> **ASSIGNMENT**
What is needed is an exact transcription of the line with "Lemma dvdz2M x" and all the lines that follow it in the entries below; add nothing else.

> **PROVIDED ENTRIES**
(* For any digraph $G$, $1+\mathrm{cr}(G)\ge\mathrm{lifo}_{\mathtt{mi}}(G)$.
   Context: All digraphs are finite, simple, without self-loops and have at least one vertex (induced subgraphs appearing as game data may be empty). For a finite set $V$, $V^*$ is the set of finite words over $V$, $\epsilon$ the empty word; $X \preceq Y$ means $X$ is a prefix of $Y$; for $X=a_1\cdots a_n$, $|X|=n$ and $\mathrm{let}(X)=\{a_1,\dots,a_n\}$. $A\Delta B$ is symmetric difference. For $X\subseteq V(G)$, $G\setminus X$ is the subgraph induced by $V(G)\setminus X$. Induced subgraphs are identified with their vertex sets. A subgraph $H\subseteq G$ is successor-closed if there is no edge of $G$ from $H$ to $G\setminus H$. Cycle-rank $\mathrm{cr}(G)$: $0$ if $G$ is acyclic; $1+\min_{v\in V(G)}\mathrm{cr}(G\setminus\{v\})$ if $G$ is strongly connected (and not acyclic); otherwise the maximum of $\mathrm{cr}(H)$ over strongly connected components $H$ of $G$. A position is a pair $(X,R)$ with $X\in V(G)^*$ and $R$ a (possibly empty) induced subgraph of $G\setminus\mathrm{let}(X)$; it is an $\mathtt{i}$-position if $R$ is successor-closed. An $\mathtt{i}$-position $(X',R')$ is an $\mathtt{i}$-successor of $(X,R)$ if ($X\preceq X'$ or $X'\preceq X$), $|\mathrm{let}(X)\Delta\mathrm{let}(X')|=1$, and every $v'\in R'$ is reachable by a directed path in $G\setminus(\mathrm{let}(X)\cap\mathrm{let}(X'))$ from some $v\in R$. An $\mathtt{i}$-search from $(X_0,R_0)$ is a finite or infinite sequence of $\mathtt{i}$-positions with each $(X_{i+1},R_{i+1})$ an $\mathtt{i}$-successor of $(X_i,R_i)$; it is complete if it is infinite or $R_n=\emptyset$ for some $n$, and a complete search is winning for the searchers if $R_n=\emptyset$ for some $n$. A complete search from $(\epsilon,G)$ is monotone if $R_{i+1}\subseteq R_i$ for all $i$, and uses at most $k$ searchers if $|X_i|\le k$ for all $i$. An $\mathtt{i}$-strategy is a function $\sigma$ from $\mathtt{i}$-positions to $V(G)^*$ such that $\sigma(X,R)$ is the first component of some $\mathtt{i}$-successor of $(X,R)$; a search is consistent with $\sigma$ if $X_{i+1}=\sigma(X_i,R_i)$ for all $i$. $\sigma$ is winning if every complete consistent search from $(\epsilon,G)$ is winning for the searchers; it is monotone / uses at most $k$ searchers if every complete consistent search from $(\epsilon,G)$ has that property. $\mathrm{lifo}_{\mathtt{mi}}(G)$ is the minimum $k$ such that there is a monotone winning $\mathtt{i}$-strategy using at most $k$ searchers. *)

From mathcomp Require Import all_boot.
Set Implicit Arguments.
Unset Strict Implicit.
Unset Printing Implicit Defensive.

(* A digraph is a finite vertex type [T] with an edge relation [e : rel T]
   (simple: at most one edge per ordered pair; no self-loops is a hypothesis
   [irreflexive e] of the theorem). *)
Section Digraph.
Variables (T : finType) (e : rel T).

Definition within (S : {set T}) : rel T :=
  [rel x y | [&& e x y, x \in S & y \in S]].

Definition reach_in (S : {set T}) (x y : T) : bool :=
  [&& x \in S, y \in S & connect (within S) x y].

Definition acyclic_in (S : {set T}) : bool :=
  ~~ [exists x in S, exists y in S, e x y && reach_in S y x].

Definition strongly_connected_in (S : {set T}) : bool :=
  (S != set0) && [forall x in S, forall y in S, reach_in S x y].

Definition scc_in (S : {set T}) (x : T) : {set T} :=
  [set y in S | reach_in S x y && reach_in S y x].

Definition sccs_in (S : {set T}) : {set {set T}} := [set scc_in S x | x in S].

(* Structural recursion with fuel; with fuel n.+1 the argument has at most n
   vertices, and recursive calls are on sets with strictly fewer vertices.
   In the strongly connected branch S is nonempty, so the unit #|T| of the
   minimum is never used. *)
Fixpoint cr_fuel (n : nat) (S : {set T}) : nat :=
  match n with
  | 0 => 0
  | n'.+1 =>
    if acyclic_in S then 0
    else if strongly_connected_in S then
      (\big[minn/#|T|]_(v in S) cr_fuel n' (S :\ v)).+1
    else \max_(H in sccs_in S) cr_fuel n' H
  end.

Definition cr_of (S : {set T}) : nat := cr_fuel #|T|.+1 S.

Definition cycle_rank : nat := cr_of [set: T].

Definition letters (X : seq T) : {set T} := [set x in X].

Definition succ_closed_in (A R : {set T}) : bool :=
  [forall x in R, forall y, (e x y && (y \in A)) ==> (y \in R)].

Definition position := (seq T * {set T})%type.

Definition ipos (p : position) : bool :=
  (p.2 \subset ~: letters p.1) && succ_closed_in (~: letters p.1) p.2.

Definition symdiff (A B : {set T}) : {set T} := (A :\: B) :|: (B :\: A).

Definition isucc (p q : position) : bool :=
  [&& ipos q,
      prefix p.1 q.1 || prefix q.1 p.1,
      #|symdiff (letters p.1) (letters q.1)| == 1 &
      [forall v' in q.2, exists v in p.2,
          reach_in (~: (letters p.1 :&: letters q.1)) v v']].

(* A search is a map s : nat -> position, together with its length:
   N = None for an infinite search, N = Some n for the finite search
   s 0, ..., s n. *)
Definition in_range (N : option nat) (i : nat) : bool :=
  if N is Some n then i <= n else true.

Definition isearch (s : nat -> position) (N : option nat) : Prop :=
  (forall i, in_range N i -> ipos (s i)) /\
  (forall i, in_range N i.+1 -> isucc (s i) (s i.+1)).

Definition complete (s : nat -> position) (N : option nat) : Prop :=
  N = None \/ exists2 n, in_range N n & (s n).2 = set0.
(* Let $\mathcal D$ be an ordered, oriented Descartes configuration whose curvature-center coordinate matrix $M=M_{\mathcal D}$ is an integer matrix, and let $g=\gcd(a_1,a_2,a_3,a_4)$, where $(a_1,a_2,a_3,a_4)^T$ is the first column of $M$ (the signed curvatures). Then the augmented curvature-center coordinate matrix $W_{\mathcal D}$ is an integer matrix if and only if one of the following holds: (i) $g=1$; (ii) $g=2$ and in each row of $M$ the sum of the second and third entries is odd; (iii) $g=4$ and the $4\times2$ matrix formed by the second and third columns of $M$ is congruent modulo $2$ to $\begin{pmatrix}1&0\\1&0\\1&0\\1&0\end{pmatrix}$ or to $\begin{pmatrix}0&1\\0&1\\0&1\\0&1\end{pmatrix}$.
   Context: Circles are taken in $\hat{\mathbb C}=\mathbb R^2\cup\{\infty\}$; lines count as circles. A Descartes configuration is a set of four mutually tangent circles with disjoint interiors; an ordered, oriented one carries an ordering and a total orientation, with signed curvatures $b_i$ (reciprocal radius, negative if the interior is unbounded, $0$ for lines, all reversed for negative orientation). The curvature-center coordinate matrix $M_{\mathcal D}$ is the $4\times 3$ matrix with $i$-th row $(b_i,b_ix_i,b_iy_i)$, $(x_i,y_i)$ the center of the $i$-th circle; the augmented curvature-center coordinate matrix $W_{\mathcal D}$ is the $4\times4$ matrix with $i$-th row $(\bar b_i,b_i,b_ix_i,b_iy_i)$, where $\bar b_i=b_i(x_i^2+y_i^2)-1/b_i$ is the signed curvature of the image of the circle under inversion in the unit circle. For a line the rows are $(0,n_x,n_y)$ and $(2p\cdot n,0,n_x,n_y)$ respectively, with $n$ the unit normal pointing into the line's interior half-plane and $p$ any point of the line. *)

From mathcomp Require Import all_boot all_order all_algebra.
From mathcomp Require Import reals.
Set Implicit Arguments. Unset Strict Implicit. Unset Printing Implicit Defensive.
Import Order.TTheory GRing.Theory Num.Theory.
Local Open Scope ring_scope.

Section Circles.
Variable R : realType.

Definition pt := (R * R)%type.
Definition dot (u v : pt) : R := u.1 * v.1 + u.2 * v.2.
Definition psub (u v : pt) : pt := (u.1 - v.1, u.2 - v.2).
Definition sqdist (u v : pt) : R := dot (psub u v) (psub u v).

(* A generalized circle in C^ = R^2 u {oo}, together with a choice of
   interior (an orientation):
   - Circ c r false : circle of center c, radius r, interior the open disk;
   - Circ c r true  : same circle, interior the complement of the closed disk
                      (unbounded interior);
   - Line n p       : the line through p with unit normal n, interior the open
                      half-plane into which n points. *)
Inductive gcircle :=
| Circ of pt & R & bool
| Line of pt & pt.

Definition valid_gcircle (C : gcircle) : Prop :=
  match C with
  | Circ _ r _ => 0 < r
  | Line n _ => dot n n = 1
  end.

(* points of C^ : None is the point at infinity *)
Definition on_gcircle (C : gcircle) (z : option pt) : Prop :=
  match C, z with
  | Circ c r _, Some w => sqdist w c = r ^+ 2
  | Circ _ _ _, None => False
  | Line n p, Some w => dot (psub w p) n = 0
  | Line _ _, None => True
  end.

Definition in_interior (C : gcircle) (w : pt) : Prop :=
  match C with
  | Circ c r false => sqdist w c < r ^+ 2
  | Circ c r true => r ^+ 2 < sqdist w c
  | Line n p => 0 < dot (psub w p) n
  end.

Definition tangent (C D : gcircle) : Prop :=
  exists! z, on_gcircle C z /\ on_gcircle D z.

Definition descartes (C : 'I_4 -> gcircle) : Prop :=
  (forall i, valid_gcircle (C i)) /\
  (forall i j, i != j -> tangent (C i) (C j)) /\
  (forall i j, i != j -> forall w, ~ (in_interior (C i) w /\ in_interior (C j) w)).

(* total orientation: eps = false is positive, eps = true negative *)
Definition osign (eps : bool) : R := if eps then -1 else 1.

Definition curv (eps : bool) (C : gcircle) : R :=
  match C with
  | Circ _ r false => osign eps * r^-1
  | Circ _ r true => osign eps * - r^-1
  | Line _ _ => 0
  end.

Definition cc_row (eps : bool) (C : gcircle) (j : nat) : R :=
  match C with
  | Circ c _ _ =>
      let b := curv eps C in
      match j with 0 => b | 1 => b * c.1 | _ => b * c.2 end
  | Line n _ =>
      let n' := (osign eps * n.1, osign eps * n.2) in
      match j with 0 => 0 | 1 => n'.1 | _ => n'.2 end
  end.

Definition acc_row (eps : bool) (C : gcircle) (j : nat) : R :=
  match C with
  | Circ c _ _ =>
      let b := curv eps C in
      match j with
      | 0 => b * (c.1 ^+ 2 + c.2 ^+ 2) - b^-1
      | 1 => b | 2 => b * c.1 | _ => b * c.2 end
  | Line n p =>
      let n' := (osign eps * n.1, osign eps * n.2) in
      match j with 0 => 2 * dot p n' | 1 => 0 | 2 => n'.1 | _ => n'.2 end
  end.

Definition ccmx (eps : bool) (C : 'I_4 -> gcircle) : 'M[R]_(4, 3) :=
  \matrix_(i < 4, j < 3) cc_row eps (C i) j.

Definition accmx (eps : bool) (C : 'I_4 -> gcircle) : 'M[R]_(4, 4) :=
  \matrix_(i < 4, j < 4) acc_row eps (C i) j.

Definition int_mx m n (A : 'M[R]_(m, n)) : Prop :=
  exists Z : 'M[int]_(m, n), A = map_mx (fun z : int => z%:~R) Z.

End Circles.

(* Write (a_i, b_i, x_i, y_i) for the i-th row of W, so that (b_i, x_i, y_i) is the
   i-th row of M.  Tangency with disjoint interiors says that the rows of W are unit
   vectors, pairwise at product -1, for a Lorentzian form; in coordinates
   a_i b_i = x_i^2 + y_i^2 - 1 and a_i b_j + a_j b_i = 2 (x_i x_j + y_i y_j + 1).
   Inverting this Gram relation gives the augmented Euclidean Descartes theorem, two of
   whose entries read 2 sum b_i^2 = (sum b_i)^2 and 2 sum a_i b_i - sum a_i sum b_i = -8.
   If the a_i are integers, g therefore divides 8; g = 8 is excluded because the first
   relation makes sum b_i / 8 even, and for g = 2, 4 the row relations force the stated
   parities.  Conversely, put b = g c with gcd(c) = 1: the parity conditions make every
   a_i c_i and a_i c_j + a_j c_i an integer, hence every a_j c_i^2 = c_i (a_i c_j + a_j c_i)
   - c_j (a_i c_i), and a Bezout combination of the coprime c_i^2 shows a_j is an integer. *)

From mathcomp Require Import all_boot all_order all_algebra.
From mathcomp Require Import reals.
From mathcomp Require Import ring lra zify.
Set Implicit Arguments. Unset Strict Implicit. Unset Printing Implicit Defensive.
Import Order.TTheory GRing.Theory Num.Theory.
Local Open Scope ring_scope.

Lemma forall_ord4 (P : 'I_4 -> Prop) : P 0 -> P 1 -> P 2 -> P 3 -> forall i, P i.
Proof.
move=> P0 P1 P2 P3 [[|[|[|[|n]]]] lt_n4] //.
- by rewrite (_ : Ordinal _ = 0) //; apply: val_inj.
- by rewrite (_ : Ordinal _ = 1) //; apply: val_inj.
- by rewrite (_ : Ordinal _ = 2) //; apply: val_inj.
- by rewrite (_ : Ordinal _ = 3) //; apply: val_inj.
Qed.

Lemma sum_ord4 (V : nmodType) (F : 'I_4 -> V) : \sum_(i < 4) F i = F 0 + F 1 + F 2 + F 3.
Proof.
rewrite !big_ord_recr big_ord0 /= add0r.
by congr (_ + _ + _ + _); congr F; apply: val_inj.
Qed.

(** * Parities and gcds of integer quadruples *)

Section Parity.
Implicit Types x y : int.

Lemma dvdz2M x y : (2 %| x * y)%Z = (2 %| x)%Z || (2 %| y)%Z.
Proof. by rewrite !dvdzE abszM Euclid_dvdM. Qed.

Lemma int_halfP x : exists s, x = 2 * s \/ x = 2 * s + 1.
Proof. by exists (x %/ 2)%Z; lia. Qed.

Lemma dvdz2_sqrB x : (2 %| x ^+ 2 - x)%Z.
Proof. have [s [-> | ->]] := int_halfP x; nia. Qed.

> **ANSWER FOR THIS EXERCISE**
Lemma dvdz2M x y : (2 %| x * y)%Z = (2 %| x)%Z || (2 %| y)%Z.
Proof. by rewrite !dvdzE abszM Euclid_dvdM. Qed.

Lemma int_halfP x : exists s, x = 2 * s \/ x = 2 * s + 1.
Proof. by exists (x %/ 2)%Z; lia. Qed.

Lemma dvdz2_sqrB x : (2 %| x ^+ 2 - x)%Z.
Proof. have [s [-> | ->]] := int_halfP x; nia. Qed.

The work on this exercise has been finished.